Успокоив совесть, возвращаюсь в гостиную. И нахожу Фуасса уже в сознании. Хотя двигатель заработал ни шатко, ни валко, и выхлоп из легких сифонит на троечку.
— Что вы сказали! Что вы сказали! — бормочет он, плача. — Мадлена, моя маленькая Мадлена не умерла, нет. Моя пышечка…
Его Мадлена! Его пышечка! Черный хлебец, это точно! Он был пекарем в душе, наш астматик!
— Успокойтесь! Дышите расслабленно, сейчас придет доктор.
— Где она? Я хочу ее видеть… Что с ней случилось? Неужели это правда?
Перед таким приливом вопросов я чувствую себя вышедшим из берегов. Чтобы скрыть неловкость, хватаю пульверизатор и прошу открыть рот, что, как это ни парадоксально, является лучшим средством закрыть его. Он заслужил очередное по расписанию купоросное опрыскивание в сточный желоб. Ну вот, он начинает нормально дышать. По телеку в это время какая-то дама рассказывает о жизни в горах, а я жалею только об одном, что наша Гора не сидит здесь, слушая и млея.
Пинюш по дороге повстречался с бутылью шампанского, о которой ранее упомянул Фуасса, и теперь тихонько с ней общается. Он выплескивает ей часть своих эмоций, а она ему — слова утешения.
— Ну как, получше? — спрашиваю я у рантье.
— Немного, спасибо. Умоляю вас, расскажите, что произошло.
— Не стоит пока об этом. Когда мы пришли, вы были у себя в комнате наверху, не так ли?
— Да, я дремал. Мадлена, ну мадам Ренар, пришла сообщить о вашем визите. Пока я накидывал халат, она спустилась обратно. Я думал застать ее здесь. Не увидя, подсознательно сделал вывод, что она пошла причесаться. У нее был удар?
— Да, удар. Но не сердечный.
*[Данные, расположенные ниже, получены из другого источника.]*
Lemma le_limn_sup u v : bounded_fun u -> bounded_fun v ->
  (forall k, u k <= v k) -> limn_sup u <= limn_sup v.
Proof.
move=> u_bd v_bd uv; rewrite [X in _ <= X]limn_supE //.
apply: lb_le_inf; first by exists (sups v 0), 0%N.
move=> _ [n _ <-]; apply: le_trans (limn_sup_le_sups n u_bd) _.
exact: le_sups (bounded_fun_has_ubound v_bd) uv.
Qed.

End sups_lemmas.

Section clamp.
Context {R : realDomainType}.
Implicit Types a b c y : R.

Definition clamp a b y := Num.max a (Num.min y b).

Lemma clamp_nd a b : nondecreasing_fun (clamp a b).
Proof. by move=> x y xy; apply: le_max2 => //; apply: le_min2. Qed.

Lemma clamp_ge a b y : a <= clamp a b y.
Proof. by rewrite /clamp le_max lexx. Qed.

Lemma clamp_le a b y : a <= b -> clamp a b y <= b.
Proof. by move=> ab; rewrite /clamp ge_max ab ge_min lexx orbT. Qed.

Lemma clamp_id a b y : a <= y <= b -> clamp a b y = y.
Proof. by move=> /andP[ay yb]; rewrite /clamp min_l // max_r. Qed.

Lemma clamp_gt a b y c : a <= c -> c < clamp a b y -> c < y.
Proof. by move=> ac; rewrite /clamp lt_max ltNge ac /= lt_min => /andP[]. Qed.

Lemma clamp_lt a b y c : c <= b -> clamp a b y < c -> y < c.
Proof.
by move=> cb; rewrite /clamp gt_max gt_min [b < c]ltNge cb orbF => /andP[].
Qed.

End clamp.

Section bad_set.
Context {R : realType} (gamma : R) (f : R -> R).
Hypothesis mf : measurable_fun `[(0 : R), 1] f.
Local Notation mu := (@lebesgue_measure R).
Local Notation bad := (bad_set gamma f).
Implicit Types g : R -> R.

Lemma bad_setP g x : bad g x <->
  x \in `[0, 1] /\ (f x + gamma < g x \/ g x < f x - gamma).
Proof.
rewrite /bad_set /= ltr_normr; split=> -[x01 bad_x]; split=> //.
  by case/orP: bad_x => ?; [right|left]; lra.
by apply/orP; case: bad_x => ?; [right|left]; lra.
Qed.

Lemma eq_bad_set g1 g2 : {in `[0, 1], g1 =1 g2} -> bad g1 = bad g2.
Proof.
by move=> g12; apply/seteqP; split=> x [x01]; rewrite /bad_set /= (g12 x x01).
Qed.

Lemma bad_setU_max_min g1 g2 :
  bad (g1 \max g2) `|` bad (g1 \min g2) = bad g1 `|` bad g2.
Proof.
apply/seteqP; split=> x /=; rewrite /bad_set /=;
  by case: (leP (g1 x) (g2 x)) => _; tauto.
Qed.

Lemma bad_setI_max_min g1 g2 :
  bad (g1 \max g2) `&` bad (g1 \min g2) = bad g1 `&` bad g2.
Proof.
apply/seteqP; split=> x /=; rewrite /bad_set /=;
  by case: (leP (g1 x) (g2 x)) => _; tauto.
Qed.

Lemma bad_set_clamp lo hi g : 0 <= gamma ->
  {in `[0, 1], forall x, lo <= f x <= hi} -> bad (clamp lo hi \o g) `<=` bad g.
Proof.
move=> gamma_ge0 f_range x /bad_setP[x01 bad_x]; apply/bad_setP; split=> //.
have /andP[lo_f f_hi] := f_range x x01.
case: bad_x => /= bad_x; [left; move: bad_x; apply: clamp_gt
                         | right; move: bad_x; apply: clamp_lt]; lra.
Qed.

Lemma measurable_bad_set g : measurable_fun `[(0 : R), 1] g -> measurable (bad g).
Proof.
move=> mg; have m01 : measurable `[(0 : R), 1]%classic by exact: measurable_itv.
have mfg : measurable_fun `[(0 : R), 1] (fun x => `|f x - g x|).
  by apply: measurableT_comp => //; exact: measurable_funB.
have := mfg m01 `]gamma, +oo[%classic (measurable_itv _).
congr measurable; apply/seteqP; split=> x /=;
  rewrite /bad_set /= in_itv /= => -[-> fgx];
  by split=> //; move: fgx; rewrite in_itv /= ?andbT.
Qed.

Lemma bad_set_le1 g : (mu (bad g) <= 1)%E.
Proof.
have mu01 : mu `[(0 : R), 1]%classic = 1%E.
  by rewrite lebesgue_measure_itv /= lte01 oppr0 adde0.
rewrite -mu01.
by apply: le_outer_measure => x [].
Qed.

Definition bad_measure g : R := fine (mu (bad g)).

Lemma bad_measureE g : mu (bad g) = (bad_measure g)%:E.
Proof.
rewrite /bad_measure fineK // ge0_fin_numE ?measure_ge0 //.
exact: le_lt_trans (bad_set_le1 g) (ltry 1).
Qed.

Definition bad_inf : R := fine (ereal_inf [set mu (bad g) | g in @monotone01 R]).

Lemma bad_infE : ereal_inf [set mu (bad g) | g in @monotone01 R] = bad_inf%:E.
Proof.
rewrite /bad_inf fineK // ge0_fin_numE; last first.
  by apply: le_ereal_inf_tmp => _ [g _ <-]; exact: measure_ge0.
apply: le_lt_trans (ltry 1); apply: le_trans (bad_set_le1 (fun=> 0)).
by apply: ereal_inf_lbound; exists (fun=> 0).
Qed.

Lemma bad_inf_le g : monotone01 g -> bad_inf <= bad_measure g.
Proof.
move=> g_mono; rewrite -lee_fin -bad_infE -bad_measureE.
by apply: ereal_inf_lbound; exists g.
Qed.

Lemma bad_inf_adherent [e] : 0 < e ->
  exists2 g, monotone01 g & bad_measure g < bad_inf + e.
Proof.
move=> e_gt0.
have inf_fin : ereal_inf [set mu (bad g) | g in @monotone01 R] \is a fin_num.
  by rewrite bad_infE.
have [_ [g g_mono <-]] := lb_ereal_inf_adherent e_gt0 inf_fin.
by rewrite bad_infE bad_measureE -EFinD lte_fin; exists g.
Qed.

Lemma nondecreasing_monotone01 g : nondecreasing_fun g -> monotone01 g.
Proof. by move=> g_nd x y _ _; exact: g_nd. Qed.

Lemma bad_measure_max_min [g1 g2] : nondecreasing_fun g1 -> nondecreasing_fun g2 ->
  bad_measure (g1 \max g2) + bad_measure (g1 \min g2) =
  bad_measure g1 + bad_measure g2.
Proof.
move=> nd1 nd2.
have mbad g : nondecreasing_fun g -> measurable (bad g).
  by move=> g_nd; apply: measurable_bad_set; exact: nondecreasing_measurable.
have mbad_max : measurable (bad (g1 \max g2)).
  by apply: mbad => x y xy; apply: le_max2; [exact: nd1 | exact: nd2].
have mbad_min : measurable (bad (g1 \min g2)).
  by apply: mbad => x y xy; apply: le_min2; [exact: nd1 | exact: nd2].
apply: EFin_inj; rewrite !EFinD -!bad_measureE -measureUI //.
by rewrite bad_setU_max_min bad_setI_max_min measureUI //; exact: mbad.
Qed.

Lemma bad_measure_max [g1 g2] : nondecreasing_fun g1 -> nondecreasing_fun g2 ->
  bad_measure (g1 \max g2) + bad_inf <= bad_measure g1 + bad_measure g2.
Proof.
move=> nd1 nd2; rewrite -(bad_measure_max_min nd1 nd2) lerD2l bad_inf_le //.
apply: nondecreasing_monotone01 => x y xy.
by apply: le_min2; [exact: nd1 | exact: nd2].
Qed.

End bad_set.

Section limsup_of_minimizing_sequence.
Context {R : realType} {gamma : R} {f : R -> R} {lo hi : R}.
Hypothesis gamma_ge0 : 0 <= gamma.
Hypothesis mf : measurable_fun `[(0 : R), 1] f.
Hypothesis f_range : {in `[0, 1], forall x, lo <= f x <= hi}.
Context {h : nat -> R -> R}.
Let eps (i : nat) : R := i.+1%:R^-1.
Hypothesis h_mono : forall i, monotone01 (h i).
Hypothesis h_min :
  forall i, bad_measure gamma f (h i) <= bad_inf gamma f + (eps i - eps i.+1).
Local Notation mu := (@lebesgue_measure R).
Local Notation bad := (bad_set gamma f).
Local Notation m := (bad_measure gamma f).
Local Notation minf := (bad_inf gamma f).

Let lo_le_hi : lo <= hi.
Proof.
have /andP[lo_f0 f0_hi] : lo <= f 0 <= hi.
  by apply: f_range; rewrite in_itv /= lexx ler01.
exact: le_trans lo_f0 f0_hi.
Qed.

Definition hclamp i := clamp lo hi \o h i \o clamp 0 1.

Lemma hclamp_nd i : nondecreasing_fun (hclamp i).
Proof.
move=> x y xy; apply/clamp_nd/h_mono; rewrite ?in_itv /= ?clamp_ge ?clamp_le //.
exact: clamp_nd.
Qed.

Lemma hclamp_bounded x : bounded_fun (hclamp^~ x).
Proof.
by apply: (@bounded_fun_between _ _ _ lo hi) => i; rewrite clamp_ge clamp_le.
Qed.

Lemma hclamp_ub x : has_ubound (range (hclamp^~ x)).
Proof. exact/bounded_fun_has_ubound/hclamp_bounded. Qed.

Lemma bad_measure_hclamp i : m (hclamp i) <= minf + (eps i - eps i.+1).
Proof.
apply: le_trans (h_min i); rewrite -lee_fin -!bad_measureE.
have -> : bad (h i) = bad (h i \o clamp 0 1).
  by apply: eq_bad_set => x; rewrite in_itv /= => x01; rewrite /= clamp_id.
exact/le_outer_measure/bad_set_clamp.
Qed.

Fixpoint partial_max (n k : nat) : R -> R :=
  if k is k'.+1 then partial_max n k' \max hclamp (n + k) else hclamp n.

Lemma partial_max_nd n k : nondecreasing_fun (partial_max n k).
Proof.
elim: k => [|k IHk] /=; first exact: hclamp_nd.
by move=> x y xy; apply: le_max2; [exact: IHk | exact: hclamp_nd].
Qed.

Lemma le_partial_max n k j x : (j <= k)%N -> hclamp (n + j) x <= partial_max n k x.
Proof.
elim: k => [|k IHk] /=; first by rewrite leqn0 => /eqP ->; rewrite addn0.
rewrite leq_eqVlt ltnS => /orP[/eqP ->|jk]; rewrite le_max ?lexx ?orbT //.
by rewrite IHk.
Qed.

Lemma partial_max_le_sups n k x : partial_max n k x <= sups (hclamp^~ x) n.
Proof.
elim: k => [|k IHk]; first exact: sups_ge (hclamp_ub x) (leqnn n).
by rewrite [partial_max _ _]/= ge_max IHk sups_ge ?leq_addr //; exact: hclamp_ub.
Qed.

Lemma bad_measure_partial_max n k :
  m (partial_max n k) <= minf + (eps n - eps (n + k).+1).
Proof.
elim: k => [|k IHk] /=; first by rewrite addn0; exact: bad_measure_hclamp.
have := bad_measure_max gamma f mf (partial_max_nd n k) (hclamp_nd (n + k.+1)).
have := bad_measure_hclamp (n + k.+1).
by rewrite addnS; lra.
Qed.

Lemma sups_nd n : nondecreasing_fun (fun x => sups (hclamp^~ x) n).
Proof. by move=> x y xy; apply: le_sups (hclamp_ub y) _ => i; exact: hclamp_nd. Qed.

Lemma bad_measure_sups n : m (fun x => sups (hclamp^~ x) n) <= minf + eps n.
Proof.
rewrite -lee_fin -bad_measureE.
apply: (measure_liminf_le mu (A := fun k => bad (partial_max n k))).
- move=> k; apply: (measurable_bad_set gamma f mf).
  exact: nondecreasing_measurable (partial_max_nd n k).
- move=> k /=; rewrite bad_measureE lee_fin.
  apply: le_trans (bad_measure_partial_max n k) _.
  by rewrite lerD2l lerBlDr lerDl invr_ge0 ler0n.
- apply: (measurable_bad_set gamma f mf).
  exact: nondecreasing_measurable (sups_nd n).
move=> x /bad_setP[x01 [fx_lt|fx_gt]].
  have [k nk lt_k] := sups_gt fx_lt; exists (k - n)%N => // j /= kj.
  apply/bad_setP; split=> //; left; apply: lt_le_trans lt_k _.
  by rewrite -(subnKC nk); exact: le_partial_max.
apply: nearW => k; apply/bad_setP; split=> //; right.
exact: le_lt_trans (partial_max_le_sups n k x) fx_gt.
Qed.

Definition gstar x : R := limn_sup (hclamp^~ x).

Lemma gstar_nd : nondecreasing_fun gstar.
Proof.
move=> x y xy; apply: le_limn_sup; [exact: hclamp_bounded.. |].
by move=> i; exact: hclamp_nd.
Qed.

Lemma bad_measure_gstar n : m gstar <= minf + eps n.
Proof.
rewrite -lee_fin -bad_measureE.
pose A k := bad (fun x => sups (hclamp^~ x) (n + k)).
apply: (measure_liminf_le mu (A := A)).
- move=> k; apply: (measurable_bad_set gamma f mf).
  exact: nondecreasing_measurable (sups_nd (n + k)).
- move=> k /=; rewrite bad_measureE lee_fin; apply: le_trans (bad_measure_sups _) _.
  by rewrite lerD2l lef_pV2 ?posrE // ler_nat ltnS leq_addr.
- apply: (measurable_bad_set gamma f mf); exact: nondecreasing_measurable gstar_nd.
move=> x /bad_setP[x01 [fx_lt|fx_gt]].
  apply: nearW => k; apply/bad_setP; split=> //; left.
  exact: lt_le_trans fx_lt (limn_sup_le_sups _ (hclamp_bounded x)).
have [j lt_j] := limn_sup_lt (hclamp_bounded x) fx_gt; exists j => // k /= jk.
apply/bad_setP; split=> //; right; apply: le_lt_trans lt_j.
by apply: nonincreasing_sups (hclamp_ub x) _ _ _; exact: leq_trans jk (leq_addl _ _).
Qed.

Lemma bad_measure_gstarE : m gstar = minf.
Proof.
apply/eqP; rewrite eq_le bad_inf_le ?andbT; last first.
  exact: nondecreasing_monotone01 gstar_nd.
by rewrite leNgt; apply/negP => /ltr_add_invr[n]; rewrite ltNge bad_measure_gstar.
Qed.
Кто-то убил ее.
Он испускает такой стон, что ни одна музыкальная пила не исторгнет ничего похожего.
— Убил! Какой ужас! Достойная женщина, не причинившая зла ни единой мошке!
Я говорю про себя, что, может быть, она в самом деле уважала мошек, бедная людоедка, но, по-моему, не простаков, которых она холила и лелеяла. Ох, не зря, не зря мне так захотелось завернуть вечером в Воскрессон. И дело Фуасса значительно сложнее, чем я предполагал.
Пино бормочет:
— Ты заметил, Сан-А, что лужайка усыпана банкнотами?
— Банкнотами? — удивляется бедный Фуасса.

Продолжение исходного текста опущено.